Andrea Dini

Personal information
- Date of birth: 20 February 1996 (age 30)
- Place of birth: Cattolica, Italy
- Height: 1.85 m (6 ft 1 in)
- Position: Goalkeeper

Team information
- Current team: Catania
- Number: 57

Youth career
- 0000–2012: Rimini

Senior career*
- Years: Team / Apps / (Gls)
- 2012–2016: Rimini / 34 / (0)
- 2015–2016: → San Marino (loan) / 37 / (0)
- 2016: Messina / 0 / (0)
- 2016–2017: San Marino / 29 / (0)
- 2017–2021: Parma / 0 / (0)
- 2018–2020: → Trapani (loan) / 41 / (0)
- 2020: → Avellino (loan) / 8 / (0)
- 2021: → Padova (loan) / 8 / (0)
- 2021–2022: Fidelis Andria / 18 / (0)
- 2022: Juve Stabia / 16 / (0)
- 2022–2024: Crotone / 50 / (0)
- 2024–2025: Catanzaro / 0 / (0)
- 2025–: Catania / 51 / (0)

= Andrea Dini =

Italian footballer (born 1996)

Andrea Dini (born 20 February 1996) is an Italian professional footballer who plays as a goalkeeper for club Catania.

==Career==
===Rimini===
He is the product of Rimini and started making bench appearances for the senior squad in the 2012–13 season of Lega Pro Seconda Divisione at the age of 16. After the reorganization of Italian lower-leagues system Rimini was moved to Serie D and he became the first-choice goalkeeper for the club in the 2014–15 season.

====Loan to San Marino====
On 24 July 2015, he joined San Marino, also in the Serie D, on a season-long loan.

===Messina===
On 20 July 2016, he joined Messina. However, he left the club just a month later without appearing in any competitive games.

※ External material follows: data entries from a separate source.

Lemma opnorm_divr V f c : V 0 -> 0 < c -> ball_bounded V p f ->
  opnorm V p (fun x => f x / c) = opnorm V p f / c.
Proof.
move=> V0 c_gt0 bf; have c'_ge0 : 0 <= c^-1 by rewrite invr_ge0 ltW.
have normE x : `|f x / c| = `|f x| / c by rewrite normrM (ger0_norm c'_ge0).
have bfc : ball_bounded V p (fun x => f x / c).
  have [C hC] := bf; exists (C / c) => x Vx px.
  by rewrite normE ler_wpM2r // hC.
apply/le_anti/andP; split.
  apply: opnorm_le => // x Vx px; rewrite normE ler_wpM2r //.
  exact: opnorm_ge.
rewrite ler_pdivrMr //; apply: opnorm_le => // x Vx px.
by rewrite -ler_pdivrMr // -normE; exact: (opnorm_ge bfc).
Qed.

End Opnorm.

Lemma opnorm_homog V u y : is_subspace V -> linear_functional u ->
  ball_bounded V (fun x => `|x|) u -> V y ->
  `|u y| <= opnorm V (fun x => `|x|) u * `|y|.
Proof.
move=> [V0 hV] lu bu Vy.
have [->|y_neq0] := eqVneq y 0.
  by rewrite linear_functional0 // !normr0 mulr0.
have y_gt0 : 0 < `|y| by rewrite normr_gt0.
rewrite -ler_pdivrMr //.
have Vy' : V (`|y|^-1 *: y) by have := hV `|y|^-1 y 0 Vy V0; rewrite addr0.
have n1 : `|(`|y|^-1 *: y)| <= 1 by rewrite normfZV.
have := opnorm_ge bu Vy' n1.
by rewrite linear_functionalZ // normrM normfV normr_id mulrC.
Qed.

Lemma dual_norm_le u : dual (fun x => `|x|) u ->
  exists2 C, 0 <= C & forall x, `|u x| <= C * `|x|.
Proof.
move=> [_ [C hC]]; exists `|C| => // x; apply: (le_trans (hC x I)).
by rewrite ler_wpM2r // ler_norm.
Qed.

Lemma dual_ball_bounded V u : dual (fun x => `|x|) u ->
  ball_bounded V (fun x => `|x|) u.
Proof.
by move=> /dual_norm_le [C _ hC]; apply: (@ball_bounded_le _ _ _ C) => // x _.
Qed.

Lemma dnorm_le0 u : dual (fun x => `|x|) u -> dnorm u <= 0 -> forall x, u x = 0.
Proof.
move=> du un_le0 x; apply/eqP; rewrite -normr_le0.
have sT : is_subspace (@setT X) by [].
have := opnorm_homog sT (dual_linear du) (dual_ball_bounded setT du) (I : setT x).
by move/le_trans; apply; rewrite mulr_le0_ge0.
Qed.

Lemma opnorm_restrict_eq_dnorm Y f u g : Y 0 ->
  dual (fun x => `|x|) u -> dual (fun x => `|x|) g ->
  (forall y, Y y -> f y = u y + g y) ->
  dnorm u + dnorm g <= opnorm Y (fun x => `|x|) f ->
  opnorm Y (fun x => `|x|) u = dnorm u.
Proof.
move=> Y0 du dg fE f_ge; have n0 : `|0 : X| <= 1 by rewrite normr0.
have bu := dual_ball_bounded setT du; have bg := dual_ball_bounded setT dg.
have := opnorm_add_le n0 Y0 fE (dual_ball_bounded Y du) (dual_ball_bounded Y dg).
have := opnorm_subset n0 (subsetT Y) Y0 bu.
have := opnorm_subset n0 (subsetT Y) Y0 bg.
rewrite /dnorm in f_ge *; lra.
Qed.

Section Quotient.
Variable Z : set X.
Hypothesis sZ : is_subspace Z.

Lemma qnorm_ge0 x : 0 <= qnorm Z x.
Proof.
have Z0 := sZ.1.
by apply: lb_le_inf; [exists `|x - 0|, 0 | move=> _ [z _ <-]].
Qed.

Lemma qnorm_le x z : Z z -> qnorm Z x <= `|x - z|.
Proof. by move=> Zz; apply: ge_inf; [exists 0 => _ [w _ <-] | exists z]. Qed.

Lemma qnorm_le_norm x : qnorm Z x <= `|x|.
Proof. by have := qnorm_le x sZ.1; rewrite subr0. Qed.

Lemma qnorm0 : qnorm Z 0 = 0.
Proof. by apply/le_anti; rewrite qnorm_ge0 andbT -(normr0 X) qnorm_le_norm. Qed.

Lemma qnorm0_le1 : qnorm Z 0 <= 1.
Proof. by rewrite qnorm0. Qed.

Lemma perp_le_qnorm V u C x : is_subspace V -> Z `<=` V -> perp Z u ->
  0 <= C -> (forall y, V y -> `|u y| <= C * `|y|) -> V x ->
  `|u x| <= C * qnorm Z x.
Proof.
move=> sV ZV [du uZ] C_ge0 hC Vx.
have uE z : Z z -> u x = u (x - z).
  by move=> Zz; rewrite (linear_functionalB x z (dual_linear du)) (uZ z Zz) subr0.
have [C_gt0|C_le0] := ltrP 0 C; last first.
  have C0 : C = 0 by apply/le_anti; rewrite C_le0 C_ge0.
  by move: (hC x Vx); rewrite C0 !mul0r.
rewrite -ler_pdivrMl //; apply: lb_le_inf; first by exists `|x - 0|, 0; first exact: sZ.1.
move=> _ [z Zz <-]; rewrite ler_pdivrMl // (uE z Zz).
by apply: hC; apply: subspaceB => //; exact: ZV.
Qed.

Lemma perp_qnorm_le u : perp Z u ->
  exists2 C, 0 <= C & forall x, `|u x| <= C * qnorm Z x.
Proof.
move=> pu; have [C C_ge0 hC] := dual_norm_le pu.1.
by exists C => // x; apply: (perp_le_qnorm _ (subsetT Z)) => // y _.
Qed.

Lemma perp_ball_bounded V u : perp Z u -> ball_bounded V (qnorm Z) u.
Proof.
move=> /perp_qnorm_le [C _ hC].
by apply: (@ball_bounded_le _ _ _ C) => [x|x _]; [exact: qnorm_ge0 | exact: hC].
Qed.

Lemma opnorm_qnorm_perp V u : is_subspace V -> Z `<=` V -> perp Z u ->
  opnorm V (qnorm Z) u = opnorm V (fun x => `|x|) u.
Proof.
move=> sV ZV pu; have n0 : `|0 : X| <= 1 by rewrite normr0.
have lu := dual_linear pu.1; have bu := dual_ball_bounded V pu.1.
set M := opnorm V (fun x => `|x|) u.
have M_ge0 : 0 <= M := opnorm_ge0 n0 lu bu sV.1.
apply/le_anti/andP; split.
  apply: (opnorm_le qnorm0_le1 sV.1) => x Vx qx.
  apply: (le_trans (perp_le_qnorm sV ZV pu M_ge0 _ Vx)).
    by move=> y Vy; exact: opnorm_homog.
  by rewrite -[leRHS]mulr1 ler_wpM2l.
apply: (opnorm_le n0 sV.1) => x Vx nx.
apply: (opnorm_ge (perp_ball_bounded V pu) Vx).
exact: le_trans (qnorm_le_norm x) nx.
Qed.

Lemma dual_qnorm_divr u c : perp Z u -> dual (qnorm Z) (fun x => u x / c).
Proof.
move=> pu; split=> [a x y _ _|]; first by rewrite (dual_linear pu.1) mulrDl mulrA.
have [C _ hC] := perp_qnorm_le pu; exists (C * `|c^-1|) => x _.
by rewrite normrM mulrAC ler_wpM2r.
Qed.

Lemma opnorm_qnorm_divr V u c : is_subspace V -> Z `<=` V -> perp Z u ->
  0 < c -> opnorm V (fun x => `|x|) u = c ->
  opnorm V (qnorm Z) (fun x => u x / c) = 1.
Proof.
move=> sV ZV pu c_gt0 uV.
rewrite (opnorm_divr qnorm0_le1 sV.1 c_gt0 (perp_ball_bounded V pu)).
by rewrite opnorm_qnorm_perp // uV divff // gt_eqF.
Qed.

Lemma HB_qnorm_divr Y u v c : is_subspace Y -> Z `<=` Y ->
  perp Z u -> perp Z v -> 0 < c ->
  opnorm Y (fun x => `|x|) u = c -> dnorm v = c ->
  (forall y, Y y -> v y = u y) ->
  HB Y (qnorm Z) (fun x => u x / c) (fun x => v x / c).
Proof.
move=> sY ZY pu pv c_gt0 uY vn vY; split; first exact: dual_qnorm_divr.
split; first by move=> y Yy; rewrite vY.
by rewrite !opnorm_qnorm_divr //; exact: subsetT.
Qed.

End Quotient.

Section MIdeal.
Variables (Z : set X) (G : set (X -> R)).
Hypothesis G_dual : forall g, G g -> dual (fun x => `|x|) g.
Hypothesis G_lin : forall a g h, G g -> G h -> G (fun x => a * g x + h x).
Hypothesis dual_decomp : forall f, dual (fun x => `|x|) f ->
  exists u g, perp Z u /\ G g /\ f = (fun x => u x + g x).
Hypothesis perp_G : forall f, perp Z f -> G f -> f = (fun _ => 0).
Hypothesis dnorm_perpD : forall u g, perp Z u -> G g ->
  dnorm (fun x => u x + g x) = dnorm u + dnorm g.

Lemma G_component_unique u1 u2 g1 g2 : perp Z u1 -> perp Z u2 -> G g1 -> G g2 ->
  (forall z, Z z -> u1 z + g1 z = u2 z + g2 z) -> g1 = g2.
Proof.
move=> pu1 pu2 Gg1 Gg2 E; have Gd := G_lin (-1) Gg1 Gg2.
have pd : perp Z (fun x => -1 * g1 x + g2 x).
  split; first exact: G_dual.
  move=> z Zz; have := E z Zz; rewrite pu1.2 // pu2.2 // !add0r => ->.
  by rewrite mulN1r addNr.
apply/funext => x; have /(congr1 (fun F => F x)) /= /eqP := perp_G pd Gd.
by rewrite mulN1r addrC subr_eq0 => /eqP.
Qed.

Lemma HB_decomp Y f ua ga b : Z `<=` Y -> perp Z ua -> G ga ->
  HB Y (fun x => `|x|) f (fun x => ua x + ga x) -> HB Y (fun x => `|x|) f b ->
  exists2 ub, perp Z ub & [/\ b = (fun x => ub x + ga x),
    dnorm ub = dnorm ua & forall y, Y y -> ub y = ua y].
Proof.
move=> ZY pua Gga [_ [aY an]] [bd [bY bn]].
have [ub [gb [pub [Ggb bE]]]] := dual_decomp bd; subst b.
have agree y : Y y -> ub y + gb y = ua y + ga y.
  by move=> Yy; exact: etrans (bY y Yy) (esym (aY y Yy)).
have gE : gb = ga.
  by apply: G_component_unique pub pua Ggb Gga _ => z /ZY; exact: agree.
subst gb; exists ub => //; split=> // [|y /agree]; last exact: addIr.
by apply: (@addIr _ (dnorm ga)); rewrite -!dnorm_perpD // /dnorm bn an.
Qed.

End MIdeal.

Lemma dim_le_subsingleton (A : set (X -> R)) n h :
  (forall b, A b -> b = h) -> dim_le A n.
Proof.
move=> Ah a /Ah ->; exists (fun _ _ => 0) => b /Ah ->.
by exists (fun _ => 0) => x; rewrite subrr big1 // => i _; rewrite mul0r.
Qed.

Lemma dim_le_affine_image (A B : set (X -> R)) n h (c : R) : dim_le A n ->
  (forall b, B b -> exists2 a, A a & b = (fun x => h x + c * a x)) ->
  dim_le B n.
Proof.
move=> dA hB b0 /hB [a0 Aa0 ->]; have [gs hgs] := dA a0 Aa0.
exists gs => b /hB [a Aa ->]; have [cs hcs] := hgs a Aa.
exists (fun i => c * cs i) => x; rewrite opprD addrACA subrr add0r -mulrBr hcs.
by rewrite mulr_sumr; apply: eq_bigr => i _; rewrite mulrA.
Qed.

End Functionals.

Theorem theorem4p9 (R : realType) (X : completeNormedModType R) (k : nat)
  (Y Z : set X) :
  (0 < k)%N ->
  is_subspace Y -> closed Y -> is_subspace Z -> closed Z -> Z `<=` Y ->
  M_ideal Z ->
  propkU Y (qnorm Z) k ->
  propkU Y (fun x => `|x|) k.
Proof.
move=> _ sY _ sZ _ ZY [G [Gd [_ [Glin [_ [Gdec [Gperp GL]]]]]]] hq f _ _ a Ha.
have [ua [ga [pua [Gga aE]]]] := Gdec a Ha.1; subst a.
have Hdec := HB_decomp Gd Glin Gdec Gperp GL ZY pua Gga Ha.
suff dimHB : dim_le (HB Y (fun x => `|x|) f) k.-1 by exact: dimHB _ Ha.
have [c_le0|c_gt0] := lerP (dnorm ua) 0.
  apply: (@dim_le_subsingleton _ _ _ _ ga) => b /Hdec [ub pub [-> ubn _]].
  by apply/funext => x; rewrite (dnorm_le0 pub.1) ?ubn // add0r.
set c := dnorm ua in c_gt0 Hdec.
have uaY : opnorm Y (fun x => `|x|) ua = c.
  apply: (opnorm_restrict_eq_dnorm (f := f) sY.1 pua.1 (Gd _ Gga)).
    by move=> y /Ha.2.1.
  by rewrite -(GL _ _ pua Gga) /dnorm Ha.2.2.
apply: (dim_le_affine_image (A := HB Y (qnorm Z) (fun x => ua x / c)) (h := ga) (c := c)).
  apply: hq.
    exact: fun_on_subset (subsetT Y) (dual_qnorm_divr sZ c pua).
  exact: opnorm_qnorm_divr.
move=> b /Hdec [ub pub [-> ubn ubY]]; exists (fun x => ub x / c).
  exact: HB_qnorm_divr.
by apply/funext => x; rewrite mulrC divfK ?gt_eqF // addrC.
Qed.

===Return to San Marino===
He returned to San Marino on 1 September 2016 on a permanent basis.

===Parma===
On 1 August 2017, he signed a two-year contract with Serie B club Parma. He was the backup for the whole 2017–18 season to Pierluigi Frattali, not making any league appearances.

====Loan to Trapani====
On 10 August 2018, he joined Trapani in Serie C on a season-long loan. He made his Serie C debut for Trapani on 18 September 2018 in a game against Reggina.

Trapani was promoted to Serie B and the loan was renewed for another season on 29 July 2019. He made his Serie B debut on 24 August 2019 in a game against Ascoli. After starting Trapani's first three games in Serie B, he lost his starting position to Marco Carnesecchi.

==== Loan to Avellino ====
On 24 January 2020 he moved on loan to Serie C club Avellino.

==== Loan to Padova ====
On 1 February 2021 he was loaned to Padova in Serie C.

===Serie C clubs ===
On 30 August 2021, he signed with Fidelis Andria. On 24 January 2022, he moved to Juve Stabia. On 18 July 2022, Dini signed a two-year contract with Crotone.

===Catanzaro===
On 19 July 2024, Dini signed a one-year contract with Catanzaro in Serie B.

===Catania===
On 17 January 2025, Dini moved to Catania on a one-and-a-half-year contract.